(Records from a data source)
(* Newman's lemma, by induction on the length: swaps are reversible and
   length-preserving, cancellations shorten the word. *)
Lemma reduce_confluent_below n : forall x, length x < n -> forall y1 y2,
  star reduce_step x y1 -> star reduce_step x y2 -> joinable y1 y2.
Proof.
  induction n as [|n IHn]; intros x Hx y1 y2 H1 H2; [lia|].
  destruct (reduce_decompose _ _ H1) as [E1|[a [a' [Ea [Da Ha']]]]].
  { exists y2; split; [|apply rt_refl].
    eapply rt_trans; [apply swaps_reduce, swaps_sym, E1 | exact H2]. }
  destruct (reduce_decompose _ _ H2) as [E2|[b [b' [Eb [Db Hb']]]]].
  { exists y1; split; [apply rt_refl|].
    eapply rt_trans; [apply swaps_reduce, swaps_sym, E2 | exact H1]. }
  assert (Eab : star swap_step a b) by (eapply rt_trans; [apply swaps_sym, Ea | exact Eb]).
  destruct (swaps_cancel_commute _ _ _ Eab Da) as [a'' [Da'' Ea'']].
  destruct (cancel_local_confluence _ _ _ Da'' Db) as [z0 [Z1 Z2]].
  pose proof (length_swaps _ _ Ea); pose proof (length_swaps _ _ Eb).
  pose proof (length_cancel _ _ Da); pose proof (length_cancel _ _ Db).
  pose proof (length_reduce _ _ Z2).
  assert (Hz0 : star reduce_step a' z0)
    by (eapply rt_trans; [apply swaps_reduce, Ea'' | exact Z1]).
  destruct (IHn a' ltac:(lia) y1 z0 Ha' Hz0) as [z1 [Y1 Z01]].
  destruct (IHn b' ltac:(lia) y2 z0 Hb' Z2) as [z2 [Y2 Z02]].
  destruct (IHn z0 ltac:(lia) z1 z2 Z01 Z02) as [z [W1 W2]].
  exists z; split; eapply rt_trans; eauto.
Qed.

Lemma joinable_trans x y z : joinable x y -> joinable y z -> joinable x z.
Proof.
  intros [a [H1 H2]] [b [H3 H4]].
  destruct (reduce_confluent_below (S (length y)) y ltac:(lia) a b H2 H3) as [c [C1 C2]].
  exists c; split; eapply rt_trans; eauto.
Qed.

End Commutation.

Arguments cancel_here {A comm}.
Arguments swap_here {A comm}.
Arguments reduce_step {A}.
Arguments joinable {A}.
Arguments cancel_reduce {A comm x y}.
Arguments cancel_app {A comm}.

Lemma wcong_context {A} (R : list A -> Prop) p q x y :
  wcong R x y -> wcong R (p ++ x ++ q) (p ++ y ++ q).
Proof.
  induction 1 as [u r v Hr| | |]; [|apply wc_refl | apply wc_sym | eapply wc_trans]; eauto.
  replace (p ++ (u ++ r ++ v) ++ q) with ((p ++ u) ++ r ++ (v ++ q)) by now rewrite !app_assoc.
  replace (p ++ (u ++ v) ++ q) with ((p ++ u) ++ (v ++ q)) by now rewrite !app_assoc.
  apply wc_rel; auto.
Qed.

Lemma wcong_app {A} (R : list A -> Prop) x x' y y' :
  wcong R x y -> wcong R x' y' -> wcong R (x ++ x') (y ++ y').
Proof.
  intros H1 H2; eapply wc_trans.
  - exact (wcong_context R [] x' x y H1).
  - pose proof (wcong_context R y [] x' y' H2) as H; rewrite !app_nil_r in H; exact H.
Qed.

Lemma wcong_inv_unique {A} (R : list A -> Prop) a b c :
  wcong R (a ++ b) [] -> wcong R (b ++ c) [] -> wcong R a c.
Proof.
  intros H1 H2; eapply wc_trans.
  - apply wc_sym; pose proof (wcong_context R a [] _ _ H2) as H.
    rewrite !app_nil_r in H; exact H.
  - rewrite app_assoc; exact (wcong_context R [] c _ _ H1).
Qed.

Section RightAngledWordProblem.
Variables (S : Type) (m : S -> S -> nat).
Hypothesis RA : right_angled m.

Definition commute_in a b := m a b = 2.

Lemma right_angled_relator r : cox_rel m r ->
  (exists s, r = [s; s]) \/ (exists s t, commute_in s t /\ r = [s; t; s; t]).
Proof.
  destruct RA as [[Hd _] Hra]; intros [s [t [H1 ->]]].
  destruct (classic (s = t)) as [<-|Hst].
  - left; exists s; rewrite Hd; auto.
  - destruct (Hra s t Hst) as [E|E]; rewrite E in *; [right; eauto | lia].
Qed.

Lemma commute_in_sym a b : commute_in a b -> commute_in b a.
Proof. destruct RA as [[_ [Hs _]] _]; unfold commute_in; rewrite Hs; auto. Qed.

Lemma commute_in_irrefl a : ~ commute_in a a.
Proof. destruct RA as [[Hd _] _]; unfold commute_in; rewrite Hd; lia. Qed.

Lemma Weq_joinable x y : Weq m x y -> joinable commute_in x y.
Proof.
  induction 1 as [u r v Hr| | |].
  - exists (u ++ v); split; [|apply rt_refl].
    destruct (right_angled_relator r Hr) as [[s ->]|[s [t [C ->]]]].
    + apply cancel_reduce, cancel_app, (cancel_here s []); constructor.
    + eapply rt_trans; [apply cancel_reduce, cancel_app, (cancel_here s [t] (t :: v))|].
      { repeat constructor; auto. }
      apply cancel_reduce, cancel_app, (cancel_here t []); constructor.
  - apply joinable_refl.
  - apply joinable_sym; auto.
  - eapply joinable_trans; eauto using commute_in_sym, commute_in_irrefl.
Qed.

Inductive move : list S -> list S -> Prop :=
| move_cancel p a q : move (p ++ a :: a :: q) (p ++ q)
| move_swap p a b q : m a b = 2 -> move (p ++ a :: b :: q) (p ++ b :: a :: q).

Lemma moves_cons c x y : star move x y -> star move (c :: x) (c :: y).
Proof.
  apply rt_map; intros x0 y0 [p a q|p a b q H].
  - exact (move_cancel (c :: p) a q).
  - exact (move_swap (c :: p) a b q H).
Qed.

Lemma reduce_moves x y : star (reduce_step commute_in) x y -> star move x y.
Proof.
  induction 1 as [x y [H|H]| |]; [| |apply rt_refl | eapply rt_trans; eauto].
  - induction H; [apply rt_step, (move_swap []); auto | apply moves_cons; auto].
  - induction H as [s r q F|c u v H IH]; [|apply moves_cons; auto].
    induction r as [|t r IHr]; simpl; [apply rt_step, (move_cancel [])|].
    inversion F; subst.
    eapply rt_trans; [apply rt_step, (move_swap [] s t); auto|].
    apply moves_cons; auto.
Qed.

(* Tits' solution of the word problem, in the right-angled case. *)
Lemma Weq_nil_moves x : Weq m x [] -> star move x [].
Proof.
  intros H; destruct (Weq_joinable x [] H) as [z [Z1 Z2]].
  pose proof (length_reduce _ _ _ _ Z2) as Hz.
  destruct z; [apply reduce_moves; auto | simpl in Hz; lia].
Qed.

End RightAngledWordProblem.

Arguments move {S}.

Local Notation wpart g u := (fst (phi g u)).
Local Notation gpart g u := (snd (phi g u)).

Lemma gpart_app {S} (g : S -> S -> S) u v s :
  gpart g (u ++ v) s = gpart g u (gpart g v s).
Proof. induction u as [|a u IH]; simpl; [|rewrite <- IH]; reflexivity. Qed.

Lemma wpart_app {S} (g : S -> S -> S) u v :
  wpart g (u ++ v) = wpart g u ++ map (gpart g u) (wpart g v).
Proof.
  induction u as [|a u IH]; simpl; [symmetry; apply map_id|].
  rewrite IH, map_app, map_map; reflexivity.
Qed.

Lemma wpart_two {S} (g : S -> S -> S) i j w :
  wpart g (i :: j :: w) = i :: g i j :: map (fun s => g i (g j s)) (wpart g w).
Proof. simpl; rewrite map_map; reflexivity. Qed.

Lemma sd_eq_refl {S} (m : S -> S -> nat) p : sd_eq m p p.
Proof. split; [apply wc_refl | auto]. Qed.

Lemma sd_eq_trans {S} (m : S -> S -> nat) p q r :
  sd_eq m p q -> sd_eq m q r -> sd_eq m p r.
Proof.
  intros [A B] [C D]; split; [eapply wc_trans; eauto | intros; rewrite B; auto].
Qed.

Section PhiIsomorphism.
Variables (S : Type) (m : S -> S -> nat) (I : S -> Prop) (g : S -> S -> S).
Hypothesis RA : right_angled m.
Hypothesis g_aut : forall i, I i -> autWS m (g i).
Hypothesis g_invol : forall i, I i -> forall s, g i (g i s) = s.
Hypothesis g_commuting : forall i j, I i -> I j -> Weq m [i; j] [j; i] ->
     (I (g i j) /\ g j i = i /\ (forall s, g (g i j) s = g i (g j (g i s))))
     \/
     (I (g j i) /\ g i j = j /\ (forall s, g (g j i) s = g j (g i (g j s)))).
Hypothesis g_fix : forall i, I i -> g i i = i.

▸ **What is required**
Looking back over the data above, restate word for word the lines that begin at the line with "replace (p ++ (u ++ r" and end at the line with "destruct RA as [[Hd _] Hra];", inclusive.

▸ **Result of this exercise**
  replace (p ++ (u ++ r ++ v) ++ q) with ((p ++ u) ++ r ++ (v ++ q)) by now rewrite !app_assoc.
  replace (p ++ (u ++ v) ++ q) with ((p ++ u) ++ (v ++ q)) by now rewrite !app_assoc.
  apply wc_rel; auto.
Qed.

Lemma wcong_app {A} (R : list A -> Prop) x x' y y' :
  wcong R x y -> wcong R x' y' -> wcong R (x ++ x') (y ++ y').
Proof.
  intros H1 H2; eapply wc_trans.
  - exact (wcong_context R [] x' x y H1).
  - pose proof (wcong_context R y [] x' y' H2) as H; rewrite !app_nil_r in H; exact H.
Qed.

Lemma wcong_inv_unique {A} (R : list A -> Prop) a b c :
  wcong R (a ++ b) [] -> wcong R (b ++ c) [] -> wcong R a c.
Proof.
  intros H1 H2; eapply wc_trans.
  - apply wc_sym; pose proof (wcong_context R a [] _ _ H2) as H.
    rewrite !app_nil_r in H; exact H.
  - rewrite app_assoc; exact (wcong_context R [] c _ _ H1).
Qed.

Section RightAngledWordProblem.
Variables (S : Type) (m : S -> S -> nat).
Hypothesis RA : right_angled m.

Definition commute_in a b := m a b = 2.

Lemma right_angled_relator r : cox_rel m r ->
  (exists s, r = [s; s]) \/ (exists s t, commute_in s t /\ r = [s; t; s; t]).
Proof.
  destruct RA as [[Hd _] Hra]; intros [s [t [H1 ->]]].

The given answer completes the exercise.